Stored data:

Lemma local_bounds_of_derive_one f x0 : f x0 = 0 -> is_derive f x0 1 ->
  exists delta, 0 < delta /\
    forall z, x0 < z < x0 + delta -> (z - x0) / 2 < f z < 3 / 2 * (z - x0).
Proof.
  intros Hf0 Hd. apply is_derive_Reals in Hd.
  destruct (Hd (1 / 2) ltac:(lra)) as [delta Hdelta].
  exists delta. split; [apply cond_pos|]. intros z Hz.
  specialize (Hdelta (z - x0) ltac:(lra)).
  rewrite Rabs_right in Hdelta by lra. specialize (Hdelta ltac:(lra)).
  replace (x0 + (z - x0)) with z in Hdelta by ring. rewrite Hf0, Rminus_0_r in Hdelta.
  apply Rabs_def2 in Hdelta.
  assert (Hfz : f z = f z / (z - x0) * (z - x0)) by (field; lra).
  split; nra.
Qed.

Section E_beta_orbits.

Variables beta xi : R.
Hypothesis Hbeta : 0 < beta.
Hypothesis Hfix : E_beta beta xi = xi.
Hypothesis Hrep : 1 < beta * xi.

Let lam := beta * xi.
Let iterE n z := Nat.iter n (E_beta beta) z.

Lemma E_beta_lt y y' : y < y' -> E_beta beta y < E_beta beta y'.
Proof. intro H. apply exp_increasing. nra. Qed.

Lemma E_beta_le y y' : y <= y' -> E_beta beta y <= E_beta beta y'.
Proof. intro H. apply exp_le_compat. nra. Qed.

Lemma E_beta_ge_tangent y : lam * (y - xi) <= E_beta beta y - xi.
Proof.
  unfold lam. unfold E_beta in *.
  replace (beta * y) with (beta * xi + beta * (y - xi)) by ring.
  rewrite exp_plus, Hfix.
  pose proof (exp_ineq1_le (beta * (y - xi))). nra.
Qed.

Lemma iter_E_beta_le m z z' : z <= z' -> iterE m z <= iterE m z'.
Proof. intro H. induction m as [|m IH]; simpl; auto using E_beta_le. Qed.

Lemma iter_E_beta_ge_geom m z : xi < z -> lam ^ m * (z - xi) <= iterE m z - xi.
Proof.
  intro Hz. induction m as [|m IH]; simpl; [lra|].
  pose proof (E_beta_ge_tangent (iterE m z)).
  assert (0 < lam) by (unfold lam; lra).
  fold (iterE m z). nra.
Qed.

Lemma iter_E_beta_gt m z : xi < z -> xi < iterE m z.
Proof.
  intro Hz. pose proof (iter_E_beta_ge_geom m z Hz).
  assert (0 < lam ^ m) by (apply pow_lt; unfold lam; lra). nra.
Qed.

Lemma iter_E_beta_lt_succ m z : xi < z -> iterE m z < iterE (S m) z.
Proof.
  intro Hz. pose proof (iter_E_beta_gt m z Hz).
  pose proof (E_beta_ge_tangent (iterE m z)). simpl. fold (iterE m z).
  unfold lam in *. nra.
Qed.

Lemma iter_E_beta_lt_index i j z : xi < z -> (i < j)%nat -> iterE i z < iterE j z.
Proof.
  intros Hz Hij. induction Hij as [|j Hij IH].
  - now apply iter_E_beta_lt_succ.
  - eapply Rlt_trans; [exact IH | now apply iter_E_beta_lt_succ].
Qed.

Lemma iter_E_beta_le_index i j z : xi < z -> iterE i z <= iterE j z -> (i <= j)%nat.
Proof.
  intros Hz H. destruct (Nat.le_gt_cases i j) as [Hij|Hji]; auto.
  pose proof (iter_E_beta_lt_index j i z Hz Hji). lra.
Qed.

Lemma iter_E_beta_unbounded z y : xi < z -> exists n, y <= iterE n z.
Proof.
  intro Hz.
  destruct (proj2 (is_lim_seq_spec _ _) (is_lim_seq_geom_p lam Hrep) ((y - xi) / (z - xi)))
    as [n Hn].
  exists n. specialize (Hn n (Nat.le_refl n)).
  pose proof (iter_E_beta_ge_geom n z Hz).
  apply (Rmult_lt_compat_r (z - xi)) in Hn; [|lra].
  replace ((y - xi) / (z - xi) * (z - xi)) with (y - xi) in Hn by (field; lra).
  lra.
Qed.

Lemma iter_E_beta_onto a y : xi < a -> a <= y ->
  exists m z, a <= z <= E_beta beta a /\ y = iterE m z.
Proof.
  intros Ha Hy.
  destruct (iter_E_beta_unbounded a y Ha) as [n Hn].
  revert y Hy Hn. induction n as [|n IH]; intros y Hy Hn.
  - exists 0%nat, y. simpl in *. pose proof (iter_E_beta_lt_succ 0 a Ha). simpl in *. lra.
  - destruct (Rle_lt_dec y (E_beta beta a)) as [Hle|Hlt].
    { exists 0%nat, y. simpl. lra. }
    assert (Hy0 : 0 < y) by (pose proof (exp_pos (beta * a)); unfold E_beta in *; lra).
    set (y' := ln y / beta).
    assert (Hy' : E_beta beta y' = y).
    { unfold E_beta, y'. replace (beta * (ln y / beta)) with (ln y) by (field; lra).
      now apply exp_ln. }
    destruct (IH y') as [m [z [Hz Hyz]]].
    + destruct (Rle_lt_dec a y') as [|Hlt']; auto.
      pose proof (E_beta_lt _ _ Hlt'). lra.
    + destruct (Rle_lt_dec y' (iterE n a)) as [|Hlt']; auto.
      pose proof (E_beta_lt _ _ Hlt'). simpl in Hn. fold (iterE n a) in Hn. lra.
    + exists (S m), z. split; auto. simpl. fold (iterE m z). now rewrite <- Hyz.
Qed.

Lemma iter_exp_between_iter_E_beta x y0 a : xi < a ->
  exists K p, forall j,
    y0 <= Nat.iter (K + j) exp x <= iterE (p + 2 * j) a.
Proof.
  intro Ha.
  destruct (INR_unbounded (Rmax y0 (4 / beta ^ 3) - x)) as [K HK].
  assert (HTK : Rmax y0 (4 / beta ^ 3) <= Nat.iter K exp x)
    by (pose proof (iter_exp_ge_add x K); lra).
  pose proof (Rmax_l y0 (4 / beta ^ 3)). pose proof (Rmax_r y0 (4 / beta ^ 3)).
  destruct (iter_E_beta_unbounded a (Nat.iter K exp x) Ha) as [p Hp].
  exists K, p. intro j.
  split; [pose proof (iter_exp_le_add x K j); lra|].
  induction j as [|j IH].
  - now rewrite Nat.mul_0_r, !Nat.add_0_r.
  - rewrite Nat.add_succ_r. replace (p + 2 * S j)%nat with (S (S (p + 2 * j))) by lia.
    simpl. fold (iterE (p + 2 * j) a).
    pose proof (iter_exp_le_add x K j).
    eapply Rle_trans; [apply (exp_le_E_beta_E_beta beta); lra|].
    now apply E_beta_le, E_beta_le.
Qed.

Lemma E_beta_fundamental_domain_near delta : 0 < delta ->
  exists a, xi < a /\ E_beta beta a < xi + delta.
Proof.
  intro Hdelta.
  assert (Hxi : 0 < xi) by nra.
  assert (Hdx : 0 < delta / xi) by (apply Rdiv_lt_0_compat; lra).
  assert (Hl : 0 < ln (1 + delta / xi)) by (rewrite <- ln_1; apply ln_increasing; lra).
  set (h := ln (1 + delta / xi) / (2 * beta)).
  assert (Hh : 0 < h) by (apply Rdiv_lt_0_compat; lra).
  exists (xi + h). split; [lra|].
  unfold E_beta in *.
  replace (beta * (xi + h)) with (beta * xi + ln (1 + delta / xi) / 2) by (unfold h; field; lra).
  rewrite exp_plus, Hfix.
  assert (exp (ln (1 + delta / xi) / 2) < 1 + delta / xi).
  { rewrite <- (exp_ln (1 + delta / xi)) at 2 by lra. apply exp_increasing. lra. }
  replace (xi + delta) with (xi * (1 + delta / xi)) by (field; lra).
  nra.
Qed.

Section Linearizer.

Variable Phi : R -> R.
Hypothesis HPhi_E : forall z, xi < z -> Phi (E_beta beta z) = lam * Phi z.

Lemma Phi_iter_E_beta m z : xi < z -> Phi (iterE m z) = lam ^ m * Phi z.
Proof.
  intro Hz. induction m as [|m IH]; simpl; [ring|].
  fold (iterE m z). rewrite HPhi_E by now apply iter_E_beta_gt.
  rewrite IH. ring.
Qed.

Lemma ln_Phi_between_iter_E_beta a c M N n y : xi < a ->
  (forall z, a <= z <= E_beta beta a -> c < Phi z < M) ->
  1 < lam ^ N * c ->
  iterE (S N) a <= y <= iterE n a ->
  0 < ln (Phi y) <= ln M + INR n * ln lam.
Proof.
  intros Ha Hdom HN Hy.
  assert (Hlam : 1 < lam) by exact Hrep.
  assert (Hay : a <= y) by (pose proof (iter_E_beta_lt_index 0 (S N) a Ha ltac:(lia)); simpl in *; lra).
  destruct (iter_E_beta_onto a y Ha Hay) as [m [z [Hz ->]]].
  assert (Hm : iterE m a <= iterE m z <= iterE (S m) a).
  { split; [now apply iter_E_beta_le|].
    unfold iterE. rewrite Nat.iter_succ_r. now apply iter_E_beta_le. }
  assert (HmN : (N <= m)%nat).
  { enough (S N <= S m)%nat by lia. apply (iter_E_beta_le_index _ _ a Ha). lra. }
  assert (Hmn : (m <= n)%nat) by (apply (iter_E_beta_le_index _ _ a Ha); lra).
  destruct (Hdom z Hz) as [Hcz HzM].
  rewrite Phi_iter_E_beta by lra.
  assert (HlamN : 0 < lam ^ N) by (apply pow_lt; lra).
  assert (HlamNm : lam ^ N <= lam ^ m) by (apply Rle_pow; [lra|lia]).
  assert (Hlamm : lam ^ m <= lam ^ n) by (apply Rle_pow; [lra|lia]).
  assert (Hc : 0 < c) by nra.
  split.
  - rewrite <- ln_1. apply ln_increasing; [lra|nra].
  - rewrite <- ln_pow, <- ln_mult by lra. apply ln_le; nra.
Qed.

End Linearizer.

End E_beta_orbits.

Theorem lemma4p7 (beta xi : R) (Phi : R -> R)
  (Hbeta : 0 < beta < / exp 1)
  (Hxi_pos : 0 < xi) (Hxi_fix : E_beta beta xi = xi) (Hxi_rep : 1 < beta * xi)
  (HPhi : is_Phi beta xi Phi) :
  forall x : R, 0 < x ->
    is_lim_seq
      (fun n : nat => sum_f_R0 (fun k : nat => eps Phi (Nat.iter (S k) exp x)) n)
      p_infty.
Proof.
  intros x _.
  destruct HPhi as [[r [_ [Hr [_ HFE]]]] [HPhi0 HPhi']].
  destruct Hbeta as [Hb _].
  assert (HPhi_E : forall z, xi < z -> Phi (E_beta beta z) = beta * xi * Phi z)
    by (intros; apply HFE; lra).
  destruct (local_bounds_of_derive_one Phi xi HPhi0 HPhi') as [delta [Hdelta Hnear]].
  destruct (E_beta_fundamental_domain_near beta xi Hb Hxi_fix Hxi_rep delta Hdelta)
    as [a [Ha HEa]].
  assert (Hdom : forall z, a <= z <= E_beta beta a -> (a - xi) / 2 < Phi z < 3 / 2 * delta).
  { intros z Hz. destruct (Hnear z) as [Hlo Hhi]; lra. }
  destruct (proj2 (is_lim_seq_spec _ _) (is_lim_seq_geom_p _ Hxi_rep) (2 / (a - xi)))
    as [N HN].
  assert (Hc : 1 < (beta * xi) ^ N * ((a - xi) / 2)).
  { specialize (HN N (Nat.le_refl N)).
    apply (Rmult_lt_compat_r ((a - xi) / 2)) in HN; [|lra].
    replace (2 / (a - xi) * ((a - xi) / 2)) with 1 in HN by (field; lra). lra. }
  destruct (iter_exp_between_iter_E_beta beta xi Hb Hxi_fix Hxi_rep x
              (Nat.iter (S N) (E_beta beta) a) a Ha) as [K [p Hwin]].
  set (L := ln (beta * xi)).
  set (A := ln (3 / 2 * delta) + INR p * L).
  assert (Hln : forall j, 0 < ln (Phi (Nat.iter (K + j) exp x)) <= A + 2 * L * INR j).
  { intro j.
    pose proof (ln_Phi_between_iter_E_beta beta xi Hb Hxi_fix Hxi_rep Phi HPhi_E
                  a _ _ N (p + 2 * j) _ Ha Hdom Hc (Hwin j)) as Hj.
    rewrite plus_INR, mult_INR in Hj. simpl (INR 2) in Hj. unfold A, L. lra. }
  assert (HA : 0 < A) by (pose proof (Hln 0%nat); simpl in *; lra).
  assert (HL : 0 < L) by (unfold L; rewrite <- ln_1; apply ln_increasing; lra).
  apply (is_lim_seq_sum_ge_eventually _ (fun k => / ((A + 2 * L) + 2 * L * INR k)) K).
  - intros k Hk. replace (S k) with (K + (S k - K))%nat by lia.
    destruct (Hln (S k - K)%nat) as [Hpos Hle].
    assert (INR (S k - K) <= INR k + 1) by (rewrite <- S_INR; apply le_INR; lia).
    unfold eps. apply Rinv_le_contravar; nra.
  - apply is_lim_seq_sum_inv_affine; lra.
Qed.
(* Let $m\ge 1$ and let $q$ be an $m\times m$ matrix each of whose entries is either $0$ or an indeterminate, where the indeterminates occurring in $q$ are pairwise distinct and algebraically independent over a field $F$ ($F=\mathbb{R}$ or $\mathbb{C}$). Suppose that $\det q$, viewed as a polynomial in $F[\text{indeterminates}]$, is irreducible. Then every first minor of $q$ (the determinant of any $(m-1)\times(m-1)$ submatrix obtained by deleting one row and one column; for $m=1$ this is the empty determinant $1$) is a nonzero polynomial. Consequently, for almost all values of the hopping terms, every first minor of $q$ is nonzero.
   Context: In the physical interpretation, $q$ is the off-diagonal block of a chiral tight-binding Hamiltonian $H=\begin{pmatrix}0&q\\ q^\dagger&0\end{pmatrix}$ on a bipartite graph with equal numbers of ''black'' and ''white'' sites: rows of $q$ are indexed by one sublattice, columns by the other, and the entry for a pair of sites is an indeterminate (a ''hopping term'') if the sites are joined by an edge and $0$ otherwise. Deleting a row and a column corresponds to deleting one white and one black site. ''For almost all values of the hopping terms'' means: for all assignments of values in $F$ to the indeterminates outside the zero set of some nonzero polynomial. *)

From mathcomp Require Import all_boot all_algebra.
From mathcomp Require Import mpoly.
Import GRing.Theory.

Set Implicit Arguments.
Unset Strict Implicit.
Unset Printing Implicit Defensive.

Local Open Scope ring_scope.

Definition irreducible_elt (R : idomainType) (p : R) : Prop :=
  [/\ p != 0, p \isn't a GRing.unit &
      forall a b : R, p = a * b -> a \is a GRing.unit \/ b \is a GRing.unit].

(* The "pattern" matrix q of size m x m attached to the support
   S : 'I_m -> 'I_m -> bool (S i j = true iff sites i and j are joined by an
   edge).  The polynomial ring has one indeterminate per position (i,j),
   indexed by mxvec_index i j : 'I_(m * m); so the indeterminates occurring
   in q are pairwise distinct and algebraically independent over F. *)
Definition pattern_mx (F : fieldType) (m : nat) (S : 'I_m -> 'I_m -> bool)
  : 'M[{mpoly F[m * m]}]_m :=
  \matrix_(i, j) (if S i j then 'X_(mxvec_index i j) else 0).

Definition first_minor (R : comNzRingType) (n : nat) (A : 'M[R]_n.+1)
  (i j : 'I_n.+1) : R := \det (row' i (col' j A)).

From mathcomp Require Import all_boot all_algebra all_fingroup.
From mathcomp Require Import mpoly.
Import GRing.Theory.
Set Implicit Arguments.
Unset Strict Implicit.
Unset Printing Implicit Defensive.
Local Open Scope ring_scope.

(* Since det q <> 0, some permutation s has all entries q a (s a) nonzero.
   Consider the directed graph a -> b iff q a (s b) <> 0.  If b were not
   reachable from a, the set C of vertices reachable from a would be closed,
   and det q would factor as det (rows of q on C) * det P_s^-1 *
   det (rows of q off C), two of the factors vanishing at the origin,
   contradicting irreducibility.  For the (i, j) minor, reroute s along a
   simple path from s^-1 j to i into a permutation pi with pi i = j and
   q b (pi b) <> 0 off row i; evaluating q at the indicator of the graph of
   pi turns the minor into a cofactor of a permutation matrix, which is +-1.
   For the generic statement take P to be the product of all first minors. *)

Lemma det_support_perm (R : comNzRingType) m (A : 'M[R]_m) :
  \det A != 0 -> exists s : 'S_m, forall a, A a (s a) != 0.
Proof.
move=> detA.
have [s /forallP supp | nosupp] := pickP [pred s : 'S_m | [forall a, A a (s a) != 0]].
  by exists s.
case/eqP: detA; apply: big1 => s _.
have /forallPn[a /negPn/eqP Aa0] := negbT (nosupp s).
by rewrite (bigD1 a) //= Aa0 mul0r mulr0.
Qed.

Lemma det_row_eq0 (R : comNzRingType) m (A : 'M[R]_m) i :
  (forall j, A i j = 0) -> \det A = 0.
Proof. by move=> Ai0; rewrite (expand_det_row _ i) big1 // => j _; rewrite Ai0 mul0r. Qed.

Lemma nonunit_rmorph_eq0 (R S : unitRingType) (f : {rmorphism R -> S}) x :
  f x = 0 -> x \isn't a GRing.unit.
Proof. by move=> fx0; apply/negP => /(rmorph_unit f); rewrite fx0 unitr0. Qed.

Lemma minor_perm_mx_neq0 (R : comNzRingType) n (pi : 'S_n.+1) i :
  \det (row' i (col' (pi i) (perm_mx pi : 'M[R]_n.+1))) != 0.
Proof.
have := expand_det_row (perm_mx pi : 'M[R]_n.+1) i.
rewrite (bigD1 (pi i)) //= big1 => [|j /negPf]; last first.
  by rewrite !mxE eq_sym => ->; rewrite mul0r.
rewrite addr0 !mxE eqxx mul1r det_perm /cofactor => sign_eq.
by apply/eqP => minor0; move/eqP: sign_eq; rewrite minor0 mulr0 signr_eq0.
Qed.

(* Closedness of C means that the rows of q in C only meet the columns s C. *)
Lemma closed_rows_factor_mx (R : comNzRingType) m (q : 'M[R]_m) (s : 'S_m)
    (C : {set 'I_m}) :
  (forall a b, a \in C -> b \notin C -> q a (s b) = 0) ->
  q = (\matrix_(a, c) if a \in C then q a c else (s a == c)%:R)
      *m (perm_mx s)^T *m (\matrix_(a, c) if a \in C then (s a == c)%:R else q a c).
Proof.
move=> qC; rewrite tr_perm_mx -col_permE; apply/matrixP=> a c; rewrite !mxE.
under eq_bigr => b _ do rewrite !mxE.
have [aC | aNC] := boolP (a \in C).
  rewrite (bigD1 (s^-1 c)%g) //= big1 ?addr0 => [|b bNc].
    rewrite permKV; have [cC | cNC] := boolP (_ \in C); first by rewrite eqxx mulr1.
    suff -> : q a c = 0 by rewrite mul0r.
    by rewrite -(permKV s c) qC.
  have [bC | bNC] := boolP (b \in C); last by rewrite qC ?mul0r.
  suff /negPf -> : s b != c by rewrite mulr0.
  by apply: contra bNc => /eqP <-; rewrite permK.
rewrite (bigD1 a) //= big1 ?addr0 => [|b bNa]; first by rewrite eqxx mul1r (negPf aNC).
by rewrite (inj_eq perm_inj) eq_sym (negPf bNa) mul0r.
Qed.

(* pi sends each vertex of the path to the s-image of its successor and the
   endpoint i back to s a, a cyclic shift of s along the path. *)
Lemma perm_reroute_path m (r : rel 'I_m) (s : 'S_m) (i : 'I_m) :
  (forall b, r b (s b)) -> forall a p,
  path (fun x y => r x (s y)) a p -> last a p = i -> uniq (a :: p) ->
  exists pi : 'S_m, [/\ pi i = s a, forall b, b != i -> r b (pi b)
                      & forall b, b \notin a :: p -> pi b = s b].
Proof.
move=> rs a p; elim: p a => [|a1 p IHp] a /=; first by move=> _ -> _; exists s.
case/andP=> ra1 pth lst /andP[aNp upath].
have [pi [pi_i r_pi pi_out]] := IHp a1 pth lst upath.
have aNi : a != i by apply: contraNneq aNp => ->; rewrite -lst mem_last.
exists (tperm i a * pi)%g; split.
- by rewrite permM tpermL pi_out.
- move=> b bNi; rewrite permM; case: tpermP => [/eqP | -> | _ _]; last exact: r_pi.
    by rewrite (negPf bNi).
  by rewrite pi_i.
- move=> b; rewrite inE negb_or => /andP[bNa bNp].
  have bNi : b != i by apply: contraNneq bNp => ->; rewrite -lst mem_last.
  by rewrite permM tpermD 1?eq_sym // pi_out.
Qed.

Lemma det_row_root_nonunit (F : fieldType) N m (A : 'M[{mpoly F[N]}]_m) k v :
  (forall j, (A k j).@[v] = 0) -> \det A \isn't a GRing.unit.
Proof.
move=> Ak_root; apply: (@nonunit_rmorph_eq0 _ _ (meval v)).
by rewrite -det_map_mx (@det_row_eq0 _ _ _ k) // => j; rewrite mxE; apply: Ak_root.
Qed.

Lemma irreducible_det_connect (F : fieldType) N m (q : 'M[{mpoly F[N]}]_m)
    (s : 'S_m) k i :
  (forall a b, (q a b).@[fun _ => 0] = 0) -> irreducible_elt (\det q) ->
  connect (fun a b => q a (s b) != 0) k i.
Proof.
move=> q_origin irr_q; apply/negPn/negP => kNi.
pose C := [set a | connect (fun a b => q a (s b) != 0) k a].
have qC a b : a \in C -> b \notin C -> q a (s b) = 0.
  rewrite !inE => ka; apply: contraNeq => qab; exact: connect_trans ka (connect1 qab).
have det_q := etrans (congr1 determinant (closed_rows_factor_mx qC)) (det_mulmx _ _).
have [_ _ /(_ _ _ det_q)] := irr_q.
rewrite det_mulmx unitrM => -[/andP[] + _ | ]; apply/negP.
- apply: (det_row_root_nonunit (k := k) (v := fun _ => 0)) => j.
  by rewrite mxE inE connect0.
- apply: (det_row_root_nonunit (k := i) (v := fun _ => 0)) => j.
  by rewrite mxE inE (negPf kNi).
Qed.

Lemma mxvec_index_eq m n (a b : 'I_m) (c d : 'I_n) :
  (mxvec_index a c == mxvec_index b d) = ((a, c) == (b, d)).
Proof. by rewrite (inj_eq (@cast_ord_inj _ _ _)) (inj_eq enum_rank_inj). Qed.

Lemma first_minor_pattern_mx_neq0 (F : fieldType) n
    (S : 'I_n.+1 -> 'I_n.+1 -> bool) (pi : 'S_n.+1) i :
  (forall b, b != i -> S b (pi b)) -> first_minor (pattern_mx F S) i (pi i) != 0.
Proof.
move=> S_pi.
pose v u := if [exists b, (b != i) && (u == mxvec_index b (pi b))] then 1 else 0 : F.
suff: (first_minor (pattern_mx F S) i (pi i)).@[v] != 0.
  by apply: contraNneq => ->; rewrite meval0.
rewrite -det_map_mx.
suff -> : map_mx (meval v) (row' i (col' (pi i) (pattern_mx F S))) =
          row' i (col' (pi i) (perm_mx pi)) by apply: minor_perm_mx_neq0.
apply/matrixP=> a c; rewrite !mxE.
have liNi : lift i a != i by rewrite eq_sym neq_lift.
have v_pi : v (mxvec_index (lift i a) (lift (pi i) c)) =
             (pi (lift i a) == lift (pi i) c)%:R.
  rewrite /v; case: existsP => [[b /andP[_]] | noidx].
    by rewrite mxvec_index_eq xpair_eqE => /andP[/eqP <- /eqP ->]; rewrite eqxx.
  case: eqP => // pi_a; case: noidx; exists (lift i a); by rewrite liNi -pi_a eqxx.
case: ifP => [_ | Sac]; first by rewrite mevalXU v_pi.
rewrite meval0; case: eqP => // pi_a; by move: (S_pi _ liNi); rewrite pi_a Sac.
Qed.

Theorem mainTheorem1 (F : fieldType) (n : nat)
  (S : 'I_n.+1 -> 'I_n.+1 -> bool) :
  irreducible_elt (\det (pattern_mx F S)) ->
  (forall i j : 'I_n.+1, first_minor (pattern_mx F S) i j != 0) /\
  (exists P : {mpoly F[n.+1 * n.+1]},
     P != 0 /\
     forall v : 'I_(n.+1 * n.+1) -> F, P.@[v] != 0 ->
       forall i j : 'I_n.+1, (first_minor (pattern_mx F S) i j).@[v] != 0).
Proof.
set q := pattern_mx F S => irr_q.
have q_supp a b : q a b != 0 -> S a b by apply: contraNT => Sab; rewrite mxE (negPf Sab).
have q_origin a b : (q a b).@[fun _ => 0] = 0.
  by rewrite mxE; case: ifP => _; rewrite ?mevalXU ?meval0.
have [det_q_neq0 _ _] := irr_q.
have [s q_s] := det_support_perm det_q_neq0.
have minor_neq0 i j : first_minor q i j != 0.
  have /connectP[p pth lst] := irreducible_det_connect s (s^-1 j)%g i q_origin irr_q.
  case: (shortenP pth) lst => p' pth' upath' _ lst'.
  have [pi [pi_i q_pi _]] :=
    perm_reroute_path (r := fun a b => q a b != 0) q_s pth' (esym lst') upath'.
  rewrite -[j](permKV s) -pi_i.
  by apply: first_minor_pattern_mx_neq0 => b /q_pi; apply: q_supp.
split=> //; exists (\prod_i \prod_j first_minor q i j); split.
  by apply/prodf_neq0 => i _; apply/prodf_neq0 => j _.
move=> v; rewrite rmorph_prod => /prodf_neq0 nz_i i j.
by move: (nz_i i isT); rewrite rmorph_prod => /prodf_neq0; apply.
Qed.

→ How to complete this task: Determine how many lines in the data include the word "GRing". Answer with that number alone.

→ Solution for this task: 6